▶ _Your assignment_
Below is a block of entries; repeat exactly the lines starting at the line that contains "(forall s t" and ending at the line that contains "Definition H0 : distf := fun t =>", both included.

:: Working data ::

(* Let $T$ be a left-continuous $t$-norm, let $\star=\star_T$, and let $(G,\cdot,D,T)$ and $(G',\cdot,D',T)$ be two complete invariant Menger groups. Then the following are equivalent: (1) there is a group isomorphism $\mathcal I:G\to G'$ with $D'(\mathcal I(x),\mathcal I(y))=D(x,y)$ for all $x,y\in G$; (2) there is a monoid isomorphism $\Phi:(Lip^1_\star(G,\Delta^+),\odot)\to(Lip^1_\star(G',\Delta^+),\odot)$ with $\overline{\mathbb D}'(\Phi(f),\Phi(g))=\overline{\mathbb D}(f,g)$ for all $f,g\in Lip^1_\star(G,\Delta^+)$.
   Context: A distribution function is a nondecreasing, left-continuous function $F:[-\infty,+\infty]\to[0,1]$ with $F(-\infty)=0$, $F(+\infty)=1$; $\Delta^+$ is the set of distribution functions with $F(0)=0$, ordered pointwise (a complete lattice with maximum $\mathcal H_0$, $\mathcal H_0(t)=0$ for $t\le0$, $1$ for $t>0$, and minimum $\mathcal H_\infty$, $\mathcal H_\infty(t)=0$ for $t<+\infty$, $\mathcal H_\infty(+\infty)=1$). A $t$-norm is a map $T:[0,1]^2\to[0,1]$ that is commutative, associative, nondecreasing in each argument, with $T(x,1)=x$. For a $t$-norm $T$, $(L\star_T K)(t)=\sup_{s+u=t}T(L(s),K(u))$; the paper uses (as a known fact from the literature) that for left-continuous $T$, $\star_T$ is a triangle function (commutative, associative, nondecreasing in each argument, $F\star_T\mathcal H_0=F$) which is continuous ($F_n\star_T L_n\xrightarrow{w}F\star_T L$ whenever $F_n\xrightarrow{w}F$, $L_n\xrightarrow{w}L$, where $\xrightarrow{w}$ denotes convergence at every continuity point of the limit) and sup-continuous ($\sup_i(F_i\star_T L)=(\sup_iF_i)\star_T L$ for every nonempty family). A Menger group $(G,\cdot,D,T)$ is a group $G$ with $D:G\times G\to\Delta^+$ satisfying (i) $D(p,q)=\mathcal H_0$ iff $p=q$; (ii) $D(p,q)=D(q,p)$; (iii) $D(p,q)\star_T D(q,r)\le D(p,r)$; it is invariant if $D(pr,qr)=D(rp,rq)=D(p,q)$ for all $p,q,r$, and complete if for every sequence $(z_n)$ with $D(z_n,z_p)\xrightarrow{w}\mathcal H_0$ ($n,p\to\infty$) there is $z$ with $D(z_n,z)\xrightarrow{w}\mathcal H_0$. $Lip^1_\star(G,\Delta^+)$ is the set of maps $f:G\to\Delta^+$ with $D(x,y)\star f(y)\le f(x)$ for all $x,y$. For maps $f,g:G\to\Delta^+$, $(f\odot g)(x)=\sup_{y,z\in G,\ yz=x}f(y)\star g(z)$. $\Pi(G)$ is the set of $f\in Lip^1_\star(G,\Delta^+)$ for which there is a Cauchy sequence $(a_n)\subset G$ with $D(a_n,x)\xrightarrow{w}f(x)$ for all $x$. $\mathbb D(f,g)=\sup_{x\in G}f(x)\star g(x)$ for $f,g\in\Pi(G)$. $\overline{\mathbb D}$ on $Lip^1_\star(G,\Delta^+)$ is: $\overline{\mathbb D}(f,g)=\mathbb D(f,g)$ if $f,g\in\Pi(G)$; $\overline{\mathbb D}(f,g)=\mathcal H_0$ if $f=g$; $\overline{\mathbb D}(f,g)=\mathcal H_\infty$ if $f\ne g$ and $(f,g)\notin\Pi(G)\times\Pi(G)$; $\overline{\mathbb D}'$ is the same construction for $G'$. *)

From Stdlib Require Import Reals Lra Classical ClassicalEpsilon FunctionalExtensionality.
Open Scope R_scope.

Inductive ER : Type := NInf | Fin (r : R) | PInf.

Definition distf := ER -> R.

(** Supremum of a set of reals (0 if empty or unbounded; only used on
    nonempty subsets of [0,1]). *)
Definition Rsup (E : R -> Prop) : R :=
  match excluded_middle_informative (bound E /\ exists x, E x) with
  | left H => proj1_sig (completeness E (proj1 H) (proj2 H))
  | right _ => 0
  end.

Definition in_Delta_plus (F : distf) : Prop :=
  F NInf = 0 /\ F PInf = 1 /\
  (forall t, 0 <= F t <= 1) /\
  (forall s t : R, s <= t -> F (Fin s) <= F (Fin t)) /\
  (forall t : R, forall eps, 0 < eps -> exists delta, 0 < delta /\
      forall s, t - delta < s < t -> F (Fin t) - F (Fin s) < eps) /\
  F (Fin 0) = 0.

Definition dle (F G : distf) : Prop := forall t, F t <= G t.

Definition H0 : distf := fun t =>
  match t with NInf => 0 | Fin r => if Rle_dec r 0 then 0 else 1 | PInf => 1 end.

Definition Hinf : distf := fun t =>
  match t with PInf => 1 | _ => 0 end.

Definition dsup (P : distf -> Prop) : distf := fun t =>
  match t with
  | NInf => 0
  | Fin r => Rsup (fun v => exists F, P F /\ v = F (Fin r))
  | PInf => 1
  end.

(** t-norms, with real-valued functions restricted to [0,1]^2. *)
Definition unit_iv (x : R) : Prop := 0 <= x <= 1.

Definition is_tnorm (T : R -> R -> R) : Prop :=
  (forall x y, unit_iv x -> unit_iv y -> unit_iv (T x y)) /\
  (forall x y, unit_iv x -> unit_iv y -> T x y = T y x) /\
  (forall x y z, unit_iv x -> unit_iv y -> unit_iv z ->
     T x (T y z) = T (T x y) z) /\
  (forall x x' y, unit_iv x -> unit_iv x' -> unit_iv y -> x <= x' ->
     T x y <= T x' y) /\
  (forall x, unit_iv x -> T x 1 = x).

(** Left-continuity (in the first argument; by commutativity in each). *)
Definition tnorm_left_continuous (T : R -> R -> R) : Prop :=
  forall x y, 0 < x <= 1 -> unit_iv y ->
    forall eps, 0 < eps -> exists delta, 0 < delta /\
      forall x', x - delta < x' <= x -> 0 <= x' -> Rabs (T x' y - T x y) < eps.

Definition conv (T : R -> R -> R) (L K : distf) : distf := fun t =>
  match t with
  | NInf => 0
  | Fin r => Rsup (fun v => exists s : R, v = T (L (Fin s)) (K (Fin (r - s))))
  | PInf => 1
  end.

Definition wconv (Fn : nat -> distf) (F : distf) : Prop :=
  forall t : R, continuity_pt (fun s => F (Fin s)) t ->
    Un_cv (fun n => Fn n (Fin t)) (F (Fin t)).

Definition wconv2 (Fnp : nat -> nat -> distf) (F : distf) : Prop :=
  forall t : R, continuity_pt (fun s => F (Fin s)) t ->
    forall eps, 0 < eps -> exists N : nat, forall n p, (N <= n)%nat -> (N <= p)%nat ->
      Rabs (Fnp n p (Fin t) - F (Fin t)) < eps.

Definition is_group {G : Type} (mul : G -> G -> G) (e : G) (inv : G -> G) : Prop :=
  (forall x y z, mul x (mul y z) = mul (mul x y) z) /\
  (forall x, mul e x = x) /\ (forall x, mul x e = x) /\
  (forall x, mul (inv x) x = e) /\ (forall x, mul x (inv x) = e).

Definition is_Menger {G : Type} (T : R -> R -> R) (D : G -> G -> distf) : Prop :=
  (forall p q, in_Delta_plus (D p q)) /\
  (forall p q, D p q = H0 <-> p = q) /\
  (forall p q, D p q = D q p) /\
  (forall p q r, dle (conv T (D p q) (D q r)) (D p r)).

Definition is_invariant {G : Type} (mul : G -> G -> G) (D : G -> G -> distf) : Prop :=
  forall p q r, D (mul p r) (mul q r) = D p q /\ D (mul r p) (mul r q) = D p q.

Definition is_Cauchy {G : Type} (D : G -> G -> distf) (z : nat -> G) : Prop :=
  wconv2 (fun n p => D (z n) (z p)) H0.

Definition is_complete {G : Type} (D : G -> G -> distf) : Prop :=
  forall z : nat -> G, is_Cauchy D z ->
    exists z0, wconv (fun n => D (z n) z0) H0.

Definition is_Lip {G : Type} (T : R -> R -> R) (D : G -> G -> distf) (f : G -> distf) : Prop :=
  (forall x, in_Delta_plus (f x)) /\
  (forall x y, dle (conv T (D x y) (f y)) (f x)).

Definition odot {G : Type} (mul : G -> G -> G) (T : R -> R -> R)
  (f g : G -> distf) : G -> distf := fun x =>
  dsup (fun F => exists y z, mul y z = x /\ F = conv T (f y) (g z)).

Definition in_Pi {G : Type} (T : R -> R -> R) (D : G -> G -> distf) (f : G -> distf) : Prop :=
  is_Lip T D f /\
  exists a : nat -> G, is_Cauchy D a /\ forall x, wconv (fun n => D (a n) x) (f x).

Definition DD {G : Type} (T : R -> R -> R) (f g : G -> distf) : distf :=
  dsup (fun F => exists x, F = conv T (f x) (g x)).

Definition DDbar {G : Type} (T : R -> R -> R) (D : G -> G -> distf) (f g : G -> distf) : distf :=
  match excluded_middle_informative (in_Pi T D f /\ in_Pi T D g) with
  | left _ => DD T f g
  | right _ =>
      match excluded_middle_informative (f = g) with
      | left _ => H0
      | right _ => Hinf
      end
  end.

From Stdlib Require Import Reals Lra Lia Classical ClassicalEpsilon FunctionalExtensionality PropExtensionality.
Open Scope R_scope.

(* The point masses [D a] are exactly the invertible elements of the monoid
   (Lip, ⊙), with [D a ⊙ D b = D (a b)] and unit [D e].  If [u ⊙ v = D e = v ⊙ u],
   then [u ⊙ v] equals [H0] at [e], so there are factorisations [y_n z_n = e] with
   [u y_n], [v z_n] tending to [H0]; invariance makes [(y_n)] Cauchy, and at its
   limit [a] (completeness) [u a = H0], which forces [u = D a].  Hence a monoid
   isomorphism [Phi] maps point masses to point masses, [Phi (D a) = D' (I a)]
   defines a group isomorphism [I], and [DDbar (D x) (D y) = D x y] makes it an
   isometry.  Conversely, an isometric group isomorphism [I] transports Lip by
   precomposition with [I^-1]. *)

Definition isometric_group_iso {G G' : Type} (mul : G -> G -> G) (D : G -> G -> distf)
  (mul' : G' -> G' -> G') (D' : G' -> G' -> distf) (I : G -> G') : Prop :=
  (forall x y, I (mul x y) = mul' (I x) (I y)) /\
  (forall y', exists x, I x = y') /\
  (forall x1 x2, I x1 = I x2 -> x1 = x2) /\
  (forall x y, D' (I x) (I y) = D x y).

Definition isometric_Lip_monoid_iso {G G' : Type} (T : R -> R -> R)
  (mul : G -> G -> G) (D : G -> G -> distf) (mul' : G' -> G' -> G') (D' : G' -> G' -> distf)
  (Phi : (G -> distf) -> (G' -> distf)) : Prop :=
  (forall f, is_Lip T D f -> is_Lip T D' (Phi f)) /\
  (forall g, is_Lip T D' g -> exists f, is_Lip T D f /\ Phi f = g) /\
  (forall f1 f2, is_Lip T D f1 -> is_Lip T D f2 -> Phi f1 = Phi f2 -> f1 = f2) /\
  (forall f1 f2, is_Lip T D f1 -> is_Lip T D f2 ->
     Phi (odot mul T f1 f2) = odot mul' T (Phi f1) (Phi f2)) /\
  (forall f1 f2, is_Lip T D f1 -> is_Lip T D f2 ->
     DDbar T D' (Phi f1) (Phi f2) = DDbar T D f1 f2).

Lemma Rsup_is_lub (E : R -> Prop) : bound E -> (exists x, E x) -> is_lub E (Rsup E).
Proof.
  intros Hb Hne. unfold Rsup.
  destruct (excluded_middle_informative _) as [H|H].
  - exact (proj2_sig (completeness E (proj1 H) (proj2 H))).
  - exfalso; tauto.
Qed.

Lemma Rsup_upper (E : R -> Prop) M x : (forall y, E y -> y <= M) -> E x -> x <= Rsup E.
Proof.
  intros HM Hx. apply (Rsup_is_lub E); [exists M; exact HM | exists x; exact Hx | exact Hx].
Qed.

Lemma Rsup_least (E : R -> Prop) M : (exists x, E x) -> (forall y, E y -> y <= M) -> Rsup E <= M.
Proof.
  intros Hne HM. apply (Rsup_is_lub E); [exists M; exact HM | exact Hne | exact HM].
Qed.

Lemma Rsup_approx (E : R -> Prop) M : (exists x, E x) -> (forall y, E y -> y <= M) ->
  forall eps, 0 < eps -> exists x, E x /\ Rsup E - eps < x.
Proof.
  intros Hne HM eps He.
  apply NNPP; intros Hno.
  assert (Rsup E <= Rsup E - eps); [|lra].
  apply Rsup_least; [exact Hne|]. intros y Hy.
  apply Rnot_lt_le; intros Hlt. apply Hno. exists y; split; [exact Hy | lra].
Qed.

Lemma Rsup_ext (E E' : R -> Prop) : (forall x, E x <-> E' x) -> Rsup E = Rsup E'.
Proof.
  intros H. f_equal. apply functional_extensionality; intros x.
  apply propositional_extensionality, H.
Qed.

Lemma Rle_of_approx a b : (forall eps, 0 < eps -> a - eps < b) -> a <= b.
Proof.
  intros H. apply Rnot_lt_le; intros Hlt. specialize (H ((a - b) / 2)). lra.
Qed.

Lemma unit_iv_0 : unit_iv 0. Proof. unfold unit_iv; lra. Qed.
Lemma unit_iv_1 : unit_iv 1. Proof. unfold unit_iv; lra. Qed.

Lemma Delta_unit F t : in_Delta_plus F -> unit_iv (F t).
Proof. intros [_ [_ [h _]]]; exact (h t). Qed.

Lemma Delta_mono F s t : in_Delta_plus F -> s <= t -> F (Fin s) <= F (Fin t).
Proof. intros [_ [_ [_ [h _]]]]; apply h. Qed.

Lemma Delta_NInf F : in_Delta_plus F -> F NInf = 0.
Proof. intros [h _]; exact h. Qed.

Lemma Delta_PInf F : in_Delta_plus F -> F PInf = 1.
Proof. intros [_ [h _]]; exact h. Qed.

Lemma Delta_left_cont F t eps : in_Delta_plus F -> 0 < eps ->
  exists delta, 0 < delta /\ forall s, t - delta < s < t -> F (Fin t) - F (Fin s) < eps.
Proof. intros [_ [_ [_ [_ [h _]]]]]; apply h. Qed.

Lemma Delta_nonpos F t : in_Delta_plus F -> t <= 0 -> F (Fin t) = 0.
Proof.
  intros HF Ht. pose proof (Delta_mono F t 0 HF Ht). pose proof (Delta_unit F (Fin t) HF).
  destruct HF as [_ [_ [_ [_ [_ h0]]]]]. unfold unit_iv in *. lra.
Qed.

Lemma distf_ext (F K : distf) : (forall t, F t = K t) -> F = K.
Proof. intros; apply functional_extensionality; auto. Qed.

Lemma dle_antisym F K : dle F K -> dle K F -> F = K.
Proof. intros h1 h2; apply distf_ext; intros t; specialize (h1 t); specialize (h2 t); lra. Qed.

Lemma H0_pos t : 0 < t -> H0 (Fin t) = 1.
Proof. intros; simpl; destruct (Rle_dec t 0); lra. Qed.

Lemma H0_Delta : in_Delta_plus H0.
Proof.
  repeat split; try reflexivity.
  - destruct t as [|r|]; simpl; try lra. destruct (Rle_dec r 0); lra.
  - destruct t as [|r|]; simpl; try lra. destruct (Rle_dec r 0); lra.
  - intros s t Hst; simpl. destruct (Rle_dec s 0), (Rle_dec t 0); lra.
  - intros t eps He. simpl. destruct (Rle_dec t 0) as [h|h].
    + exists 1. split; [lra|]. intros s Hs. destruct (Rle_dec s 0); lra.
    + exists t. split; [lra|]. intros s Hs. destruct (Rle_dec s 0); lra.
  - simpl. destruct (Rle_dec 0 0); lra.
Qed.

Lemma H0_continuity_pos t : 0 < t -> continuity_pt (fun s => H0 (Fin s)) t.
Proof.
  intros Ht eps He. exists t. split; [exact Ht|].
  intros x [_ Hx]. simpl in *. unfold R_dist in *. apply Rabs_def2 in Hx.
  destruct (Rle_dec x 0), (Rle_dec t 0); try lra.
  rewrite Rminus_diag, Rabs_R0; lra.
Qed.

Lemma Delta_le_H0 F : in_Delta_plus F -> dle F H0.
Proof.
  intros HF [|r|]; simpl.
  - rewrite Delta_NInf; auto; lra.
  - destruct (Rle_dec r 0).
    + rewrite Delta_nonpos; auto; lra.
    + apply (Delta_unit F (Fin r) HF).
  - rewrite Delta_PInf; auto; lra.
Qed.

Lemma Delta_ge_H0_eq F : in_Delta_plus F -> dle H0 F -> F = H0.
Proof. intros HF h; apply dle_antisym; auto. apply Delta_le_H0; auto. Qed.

:::

▶ _Final answer_
  (forall s t : R, s <= t -> F (Fin s) <= F (Fin t)) /\
  (forall t : R, forall eps, 0 < eps -> exists delta, 0 < delta /\
      forall s, t - delta < s < t -> F (Fin t) - F (Fin s) < eps) /\
  F (Fin 0) = 0.

Definition dle (F G : distf) : Prop := forall t, F t <= G t.

Definition H0 : distf := fun t =>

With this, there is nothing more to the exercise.